== Segment start ==

(* Let $j,k_G,k_H$ be positive integers with $j\le k_G\le k_H$, let $G$ be a $(j,k_G)$-biclique and $H$ a $(j,k_H)$-biclique, and let $g(x)$ and $h(x)$ be the interesting factors of $P_G(x)$ and $P_H(x)$ respectively. If $\bar G$ and $\bar H$ are matching equivalent, then $g(x)=h(x+k_H-k_G)$.
   Context: All graphs are finite and simple. For integers $1\le j\le k$, a $(j,k)$-biclique is a graph whose vertex set is the disjoint union of a $j$-clique and a $k$-clique, with an arbitrary set of additional edges each joining a vertex of the $j$-clique to a vertex of the $k$-clique; $\bar G$ denotes the complement of $G$. $P_G(x)$ is the chromatic polynomial, $(x)_n=x(x-1)\cdots(x-n+1)$ the falling factorial. For a $(j,k)$-biclique $G$, the polynomial $(x)_k$ divides $P_G(x)$, and the interesting factor of $P_G$ is the degree-$j$ polynomial $g(x)=P_G(x)/(x)_k$. $m_F^i$ denotes the number of matchings with $i$ edges in a graph $F$; two graphs $F_1,F_2$ are matching equivalent if $m_{F_1}^i=m_{F_2}^i$ for all $i\ge 0$. *)

From HB Require Import structures.
From mathcomp Require Import all_boot all_order all_algebra.
Set Implicit Arguments. Unset Strict Implicit. Unset Printing Implicit Defensive.
Import Order.TTheory GRing.Theory Num.Theory.
Local Open Scope ring_scope.

Definition simple_graph (T : finType) (e : rel T) : Prop :=
  symmetric e /\ irreflexive e.

Definition complement (T : finType) (e : rel T) : rel T :=
  fun x y => (x != y) && ~~ e x y.

(* (j,k)-biclique: vertex set 'I_j + 'I_k (disjoint union of the j-clique and
   the k-clique); any two distinct vertices on the same side are adjacent;
   edges between the sides are arbitrary. *)
Definition biclique (j k : nat) (e : rel ('I_j + 'I_k)%type) : Prop :=
  simple_graph e /\
  (forall a b : 'I_j, a != b -> e (inl a) (inl b)) /\
  (forall a b : 'I_k, a != b -> e (inr a) (inr b)).

Definition is_edge (T : finType) (e : rel T) (A : {set T}) : bool :=
  [exists x, exists y, e x y && (A == [set x; y])].

Definition is_matching (T : finType) (e : rel T) (M : {set {set T}}) : bool :=
  [forall A in M, is_edge e A] &&
  [forall A in M, forall B in M, (A != B) ==> [disjoint A & B]].

Definition matching_number (T : finType) (e : rel T) (i : nat) : nat :=
  #|[set M : {set {set T}} | is_matching e M && (#|M| == i)%N]|.

Definition matching_equivalent (T1 T2 : finType) (e1 : rel T1) (e2 : rel T2)
  : Prop := forall i : nat, matching_number e1 i = matching_number e2 i.

Definition num_colourings (T : finType) (e : rel T) (n : nat) : nat :=
  #|[set f : {ffun T -> 'I_n} | [forall x, forall y, e x y ==> (f x != f y)]]|.

(* p is the chromatic polynomial of the graph: its value at every natural
   number n is the number of proper n-colourings. (Such a polynomial exists
   and is unique.) *)
Definition is_chromatic_poly (T : finType) (e : rel T) (p : {poly int}) : Prop :=
  forall n : nat, p.[n%:R] = (num_colourings e n)%:R.

Definition falling (n : nat) : {poly int} := \prod_(i < n) ('X - (i%:R)%:P).

Definition interesting_factor (k : nat) (p : {poly int}) : {poly int} :=
  p %/ falling k.

From HB Require Import structures.
From mathcomp Require Import all_boot all_order all_algebra.
Set Implicit Arguments. Unset Strict Implicit. Unset Printing Implicit Defensive.
Import GRing.Theory.

(* In a (j,k)-biclique both sides are cliques, so every colour class of a
   proper colouring is a single vertex or a non-edge joining the two sides,
   and the two-element classes form a matching of the complement.  For a
   fixed matching M of the complement, the proper colourings whose
   two-element classes are exactly M are the injective colourings of the
   graph with the edges of M contracted, which has k + j - |M| vertices.
   Hence P_G(x) = sum_i m_i (x)_(k+j-i) = (x)_k sum_i m_i (x-k)_(j-i), so the
   interesting factor is sum_i m_i (x-k)_(j-i): it depends on k only through
   the shift x |-> x - k. *)

Definition factors_injectively (T C : finType) (r : T -> T) (f : {ffun T -> C}) :=
  [forall x, f (r x) == f x] &&
  [forall x, forall y, [&& r x == x, r y == y & f x == f y] ==> (x == y)].

Lemma card_factors_injectively (T C : finType) (r : T -> T) :
  idempotent_fun r ->
  #|[set f : {ffun T -> C} | factors_injectively r f]| =
  (#|C| ^_ #|[pred x | r x == x]|)%N.
Proof.
move=> r_idem; pose S := {x : T | r x == x}.
have rS x : r (r x) == r x by apply/eqP; exact: r_idem.
pose extend (phi : {ffun S -> C}) : {ffun T -> C} :=
  [ffun x => phi (exist _ (r x) (rS x))].
have extend_inj : injective extend.
  move=> phi psi /ffunP eq_ext; apply/ffunP => s; have := eq_ext (val s).
  rewrite !ffunE; suff -> : exist _ (r (val s)) (rS (val s)) = s by [].
  by apply: val_inj; apply/eqP; case: s.
rewrite -card_sig -card_inj_ffuns -(card_imset _ extend_inj).
apply: eq_card => f; rewrite !inE; apply/idP/imsetP.
- case/andP => /forallP f_r /forallP f_inj.
  exists [ffun s : S => f (val s)].
    rewrite inE; apply/injectiveP => s t; rewrite !ffunE => fst.
    apply: val_inj; have /forallP/(_ (val t)) := f_inj (val s).
    by rewrite fst (valP s) (valP t) eqxx => /eqP.
  by apply/ffunP => x; rewrite !ffunE /= (eqP (f_r x)).
- case=> phi; rewrite inE => /injectiveP phi_inj ->.
  apply/andP; split; apply/forallP => x.
    by rewrite !ffunE; apply/eqP; congr (phi _); apply: val_inj; exact: r_idem.
  apply/forallP => y; apply/implyP => /and3P [/eqP rx /eqP ry].
  by rewrite !ffunE => /eqP /phi_inj /(congr1 val) /=; rewrite rx ry => ->.
Qed.

Lemma set2_inl_inr_inj (A B : finType) (a a' : A) (b b' : B) :
  [set inl a; inr b] = [set inl a'; inr b'] :> {set A + B} -> a = a' /\ b = b'.
Proof.
move=> eq_ab; split.
  have : (inl a : A + B) \in [set inl a'; inr b'] by rewrite -eq_ab set21.
  by rewrite !inE => /orP [/eqP [] | /eqP].
have : (inr b : A + B) \in [set inl a'; inr b'] by rewrite -eq_ab set22.
by rewrite !inE => /orP [/eqP | /eqP []].
Qed.

Definition proper_colouring (T C : finType) (e : rel T) (f : {ffun T -> C}) :=
  [forall x, forall y, e x y ==> (f x != f y)].

Lemma proper_colouringP (T C : finType) (e : rel T) (f : {ffun T -> C}) :
  reflect (forall x y, e x y -> f x != f y) (proper_colouring e f).
Proof.
apply: (iffP forallP) => [f_ok x y exy | f_ok x].
  by have /forallP/(_ y)/implyP := f_ok x; apply.
by apply/forallP => y; apply/implyP/f_ok.
Qed.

== Segment end ==

[Required action]:
Retype the entries shown above. Keep every word exactly as it is.

[Solution to the exercise]:
(* Let $j,k_G,k_H$ be positive integers with $j\le k_G\le k_H$, let $G$ be a $(j,k_G)$-biclique and $H$ a $(j,k_H)$-biclique, and let $g(x)$ and $h(x)$ be the interesting factors of $P_G(x)$ and $P_H(x)$ respectively. If $\bar G$ and $\bar H$ are matching equivalent, then $g(x)=h(x+k_H-k_G)$.
   Context: All graphs are finite and simple. For integers $1\le j\le k$, a $(j,k)$-biclique is a graph whose vertex set is the disjoint union of a $j$-clique and a $k$-clique, with an arbitrary set of additional edges each joining a vertex of the $j$-clique to a vertex of the $k$-clique; $\bar G$ denotes the complement of $G$. $P_G(x)$ is the chromatic polynomial, $(x)_n=x(x-1)\cdots(x-n+1)$ the falling factorial. For a $(j,k)$-biclique $G$, the polynomial $(x)_k$ divides $P_G(x)$, and the interesting factor of $P_G$ is the degree-$j$ polynomial $g(x)=P_G(x)/(x)_k$. $m_F^i$ denotes the number of matchings with $i$ edges in a graph $F$; two graphs $F_1,F_2$ are matching equivalent if $m_{F_1}^i=m_{F_2}^i$ for all $i\ge 0$. *)

From HB Require Import structures.
From mathcomp Require Import all_boot all_order all_algebra.
Set Implicit Arguments. Unset Strict Implicit. Unset Printing Implicit Defensive.
Import Order.TTheory GRing.Theory Num.Theory.
Local Open Scope ring_scope.

Definition simple_graph (T : finType) (e : rel T) : Prop :=
  symmetric e /\ irreflexive e.

Definition complement (T : finType) (e : rel T) : rel T :=
  fun x y => (x != y) && ~~ e x y.

(* (j,k)-biclique: vertex set 'I_j + 'I_k (disjoint union of the j-clique and
   the k-clique); any two distinct vertices on the same side are adjacent;
   edges between the sides are arbitrary. *)
Definition biclique (j k : nat) (e : rel ('I_j + 'I_k)%type) : Prop :=
  simple_graph e /\
  (forall a b : 'I_j, a != b -> e (inl a) (inl b)) /\
  (forall a b : 'I_k, a != b -> e (inr a) (inr b)).

Definition is_edge (T : finType) (e : rel T) (A : {set T}) : bool :=
  [exists x, exists y, e x y && (A == [set x; y])].

Definition is_matching (T : finType) (e : rel T) (M : {set {set T}}) : bool :=
  [forall A in M, is_edge e A] &&
  [forall A in M, forall B in M, (A != B) ==> [disjoint A & B]].

Definition matching_number (T : finType) (e : rel T) (i : nat) : nat :=
  #|[set M : {set {set T}} | is_matching e M && (#|M| == i)%N]|.

Definition matching_equivalent (T1 T2 : finType) (e1 : rel T1) (e2 : rel T2)
  : Prop := forall i : nat, matching_number e1 i = matching_number e2 i.

Definition num_colourings (T : finType) (e : rel T) (n : nat) : nat :=
  #|[set f : {ffun T -> 'I_n} | [forall x, forall y, e x y ==> (f x != f y)]]|.

(* p is the chromatic polynomial of the graph: its value at every natural
   number n is the number of proper n-colourings. (Such a polynomial exists
   and is unique.) *)
Definition is_chromatic_poly (T : finType) (e : rel T) (p : {poly int}) : Prop :=
  forall n : nat, p.[n%:R] = (num_colourings e n)%:R.

Definition falling (n : nat) : {poly int} := \prod_(i < n) ('X - (i%:R)%:P).

Definition interesting_factor (k : nat) (p : {poly int}) : {poly int} :=
  p %/ falling k.

From HB Require Import structures.
From mathcomp Require Import all_boot all_order all_algebra.
Set Implicit Arguments. Unset Strict Implicit. Unset Printing Implicit Defensive.
Import GRing.Theory.

(* In a (j,k)-biclique both sides are cliques, so every colour class of a
   proper colouring is a single vertex or a non-edge joining the two sides,
   and the two-element classes form a matching of the complement.  For a
   fixed matching M of the complement, the proper colourings whose
   two-element classes are exactly M are the injective colourings of the
   graph with the edges of M contracted, which has k + j - |M| vertices.
   Hence P_G(x) = sum_i m_i (x)_(k+j-i) = (x)_k sum_i m_i (x-k)_(j-i), so the
   interesting factor is sum_i m_i (x-k)_(j-i): it depends on k only through
   the shift x |-> x - k. *)

Definition factors_injectively (T C : finType) (r : T -> T) (f : {ffun T -> C}) :=
  [forall x, f (r x) == f x] &&
  [forall x, forall y, [&& r x == x, r y == y & f x == f y] ==> (x == y)].

Lemma card_factors_injectively (T C : finType) (r : T -> T) :
  idempotent_fun r ->
  #|[set f : {ffun T -> C} | factors_injectively r f]| =
  (#|C| ^_ #|[pred x | r x == x]|)%N.
Proof.
move=> r_idem; pose S := {x : T | r x == x}.
have rS x : r (r x) == r x by apply/eqP; exact: r_idem.
pose extend (phi : {ffun S -> C}) : {ffun T -> C} :=
  [ffun x => phi (exist _ (r x) (rS x))].
have extend_inj : injective extend.
  move=> phi psi /ffunP eq_ext; apply/ffunP => s; have := eq_ext (val s).
  rewrite !ffunE; suff -> : exist _ (r (val s)) (rS (val s)) = s by [].
  by apply: val_inj; apply/eqP; case: s.
rewrite -card_sig -card_inj_ffuns -(card_imset _ extend_inj).
apply: eq_card => f; rewrite !inE; apply/idP/imsetP.
- case/andP => /forallP f_r /forallP f_inj.
  exists [ffun s : S => f (val s)].
    rewrite inE; apply/injectiveP => s t; rewrite !ffunE => fst.
    apply: val_inj; have /forallP/(_ (val t)) := f_inj (val s).
    by rewrite fst (valP s) (valP t) eqxx => /eqP.
  by apply/ffunP => x; rewrite !ffunE /= (eqP (f_r x)).
- case=> phi; rewrite inE => /injectiveP phi_inj ->.
  apply/andP; split; apply/forallP => x.
    by rewrite !ffunE; apply/eqP; congr (phi _); apply: val_inj; exact: r_idem.
  apply/forallP => y; apply/implyP => /and3P [/eqP rx /eqP ry].
  by rewrite !ffunE => /eqP /phi_inj /(congr1 val) /=; rewrite rx ry => ->.
Qed.

Lemma set2_inl_inr_inj (A B : finType) (a a' : A) (b b' : B) :
  [set inl a; inr b] = [set inl a'; inr b'] :> {set A + B} -> a = a' /\ b = b'.
Proof.
move=> eq_ab; split.
  have : (inl a : A + B) \in [set inl a'; inr b'] by rewrite -eq_ab set21.
  by rewrite !inE => /orP [/eqP [] | /eqP].
have : (inr b : A + B) \in [set inl a'; inr b'] by rewrite -eq_ab set22.
by rewrite !inE => /orP [/eqP | /eqP []].
Qed.

Definition proper_colouring (T C : finType) (e : rel T) (f : {ffun T -> C}) :=
  [forall x, forall y, e x y ==> (f x != f y)].

Lemma proper_colouringP (T C : finType) (e : rel T) (f : {ffun T -> C}) :
  reflect (forall x y, e x y -> f x != f y) (proper_colouring e f).
Proof.
apply: (iffP forallP) => [f_ok x y exy | f_ok x].
  by have /forallP/(_ y)/implyP := f_ok x; apply.
by apply/forallP => y; apply/implyP/f_ok.
Qed.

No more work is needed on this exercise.